The world of fintech is constantly expanding and evolving, so choosing the right fintech partner can be challenging. To win your organization’s business, many fintech firms offer a "try before you buy" approach.
These proof of concept (POC) engagements demonstrate their capabilities and show a possible use case through a series of tests. The best part is that it usually won’t cost your organization a penny. But there’s a catch – to perform these tests, your organization must turn over real data, typically about 1 to 2 years’ worth of information. The data is the most effective way to conduct a POC, which is advantageous for all parties.
If not handled correctly, these engagements can increase risk for your organization, and it’s important to keep in mind that POC projects may not always deliver on their promises. The scary part isn’t the tests themselves. Many POC engagements aren’t considered actual vendor engagements. So, many organizations may be neglecting standard third-party risk precautions.
Let’s dive into some of the risks of proof of concepts and best practices to mitigate them.
The Risks of Proof of Concept With Fintech Vendors
A seemingly harmless proof of concept can cause more harm than good, resulting in increased liability rather than benefits. Before undertaking any POC engagement, fintech or otherwise, it’s important to understand the potential risks:
- The use of sensitive customer information – Your organization has a duty to protect customer data and privacy. Even if the intention is to provide your customers with better service options, protecting their data should always be a priority.
- No contract in place – POC agreements don’t typically have the same legal protections as a full contract that’s developed to ensure both parties are meeting specific obligations, especially when it comes to:
- Data security
- Privacy
- Permissible use of data
- Other regulatory requirements
Many POC agreements amount to little more than a broad scope of work and don’t include the essential details to protect your organization and customers against risk.
- The third-party risk management team has no visibility of the engagement – These tests may be performed in isolation at the department level because, sure, why wouldn’t someone want to know they have a great solution on their hands before offering it up to your top management? Someone at your organization may be establishing a POC test engagement and your third-party risk management team is none the wiser.
- Lack of due diligence – Without going through the proper third-party risk management processes, there may be a lack of adequate due diligence – or none at all. Without a full understanding of the fintech firm’s risk practices and controls, there’s no way to know what precautions are in place to protect your customers’ data and how they ensure regulatory compliance.
- No visibility of fourth parties – Fintech firms outsource just like everyone else. Knowing which of their vendors are involved in providing the final solution to you is essential. It’s equally important to know how the fintech vets, manages, and monitors those vendors.
Best Third-Party Risk Management Practices With Proof of Concepts
When managed correctly, POC engagements can be an excellent opportunity to evaluate and scale new solutions. You can put the right protections in place to be able to test the product safely.

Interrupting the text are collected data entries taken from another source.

Lemma Atil_certificateP (n m : nat) (A : 'M[rat]_(m, n + n)) (b : 'cV[rat]_m)
    (mut : 'cV[rat]_(1 + n)) :
  (exists z, [/\ cvle 0 z, (Atil A)^T *m z = col_mx mut (0 : 'cV[rat]_n)
                & 0 <= ((btil b)^T *m z) 0 0])
  <-> exists w, [/\ cvle 0 w, A^T *m w = col_mx (mu_of mut) 0
                  & - mu0_of mut <= (b^T *m w) 0 0].
Proof.
have mutE : col_mx mut 0 = col_mx (usubmx mut) (col_mx (mu_of mut) 0)
    :> 'cV_(1 + (n + n)).
  by rewrite col_mx1A vsubmxK.
split=> [[z [z_ge0 Az bz]]|[w [w_ge0 Aw bw]]].
  move: z_ge0 Az bz; rewrite -[z]vsubmxK Atil_mul btil_mul mutE.
  move=> z_ge0 /eq_col_mx[z12E Aw] bz; exists (dsubmx z); split=> //.
    by move=> i; have := z_ge0 (rshift 2 i); rewrite col_mxEd !mxE.
  set z12 : 'cV_(1 + 1) := usubmx z in z12E bz *.
  suff -> : mu0_of mut = usubmx z12 0 0 - dsubmx z12 0 0 by lra.
  by rewrite /mu0_of -z12E !mxE.
set mu0 := mu0_of mut in bw *.
pose z12 : 'cV_(1 + 1) := col_mx (const_mx `|mu0|) (const_mx (`|mu0| - mu0)).
exists (col_mx z12 w); split.
- move=> i; rewrite !mxE; case: split => [i12|i']; last by have := w_ge0 i'; rewrite !mxE.
  by rewrite !mxE; case: split => j; rewrite !mxE ?normr_ge0 // subr_ge0 ler_norm.
- rewrite Atil_mul col_mxKu col_mxKd Aw mutE; congr col_mx.
  apply/matrixP => i j; rewrite !ord1 !mxE /=.
  by rewrite /mu0 /mu0_of mxE; ring.
- have cst (a : rat) : (const_mx a : 'cV_1) 0 0 = a by rewrite mxE.
  by rewrite btil_mul col_mxKu col_mxKd !cst; lra.
Qed.

Theorem theorem2 (n m : nat) (hn : (0 < n)%N) (hm : (0 < m)%N)
  (A : 'M[rat]_(m, n + n)) (b : 'cV[rat]_m)
  (hsat : exists x x' : 'cV[rat]_n, constr A b x x') :
  forall mut : 'cV[rat]_(1 + n), lrf A b mut <-> ms A b mut.
Proof.
move=> mut; have [x [x' sat]] := hsat.
have feas : exists v, cvle b (A *m v) by exists (col_mx x x').
rewrite lrf_implications !(affine_farkas_mx _ _ feas) -Atil_certificateP.
split=> [[[y hy] [z hz]]|[y [z [hy hz]]]]; first by exists y, z.
by split; [exists y | exists z].
Qed.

To minimize risk, and ensure a healthy proof of concept environment, follow these basic rules:
- Clarify the rules of engagement – Everyone in your organization should understand that any test or POC engagement must be treated the same as any other vendor engagement. The third-party risk management rules apply. Before beginning any POC, it’s important to conduct an inherent risk assessment to understand what risks are present. Ensure that no work begins before due diligence has been completed.
- Conduct appropriate due diligence – Don’t offer up anything to any vendor, fintech or otherwise, before you know who you’re dealing with. It’s important to understand and validate their risk management practices and controls.
- Use special POC contracts – You can enact a proof-of-concept contract that clearly defines the expectations and requirements around:
- Information security
- Privacy
- The return or destruction of any sensitive information used during the test
Your contract should be specific to the test only. If the solution works out, you’ll need a separate and more robust contract for a permanent engagement.
- Check the regulations – Any use of customers’ personally identifiable information (PII) must fall under a “permissible use” category. For example, you don’t want to use real customer PII (even in a test) to market new products if the customer has opted out of such activities.
- Anonymize data whenever possible – To ensure customer confidentiality in the event of a data breach, it’s recommended to replace actual customer names or account numbers with a unique code or other identifier that can be used during testing but can’t be traced back to the customer.
- Investigate the fintech’s third-party risk management practices – Make sure you review and understand how competent the fintech firm is when it comes to third-party risk management. Ask to review their policy and see evidence of risk assessments, due diligence, management, and monitoring.
- Know who the fourth parties are – Make sure you have a record of all fourth-party vendors (your vendor's vendors) that are significant in delivering the solution, have access to PII, or conduct offshore work.
Fintech encompasses a wide range of products and applications, yet it remains a fiercely competitive industry. There are many fintech firms vying for market share. If your potential fintech partner offers a POC engagement to demonstrate their value, it may be the best way to determine if they can truly deliver on their promises.
However, it’s essential to prioritize data security, privacy, and regulatory compliance when considering new products or services for your organization. Don’t become too captivated by a potential POC without first ensuring that these concerns are adequately addressed.
If your organization takes a careful approach and implements strong third-party risk management practices, exploring fintech's new products or services can be a truly enlightening and exciting opportunity.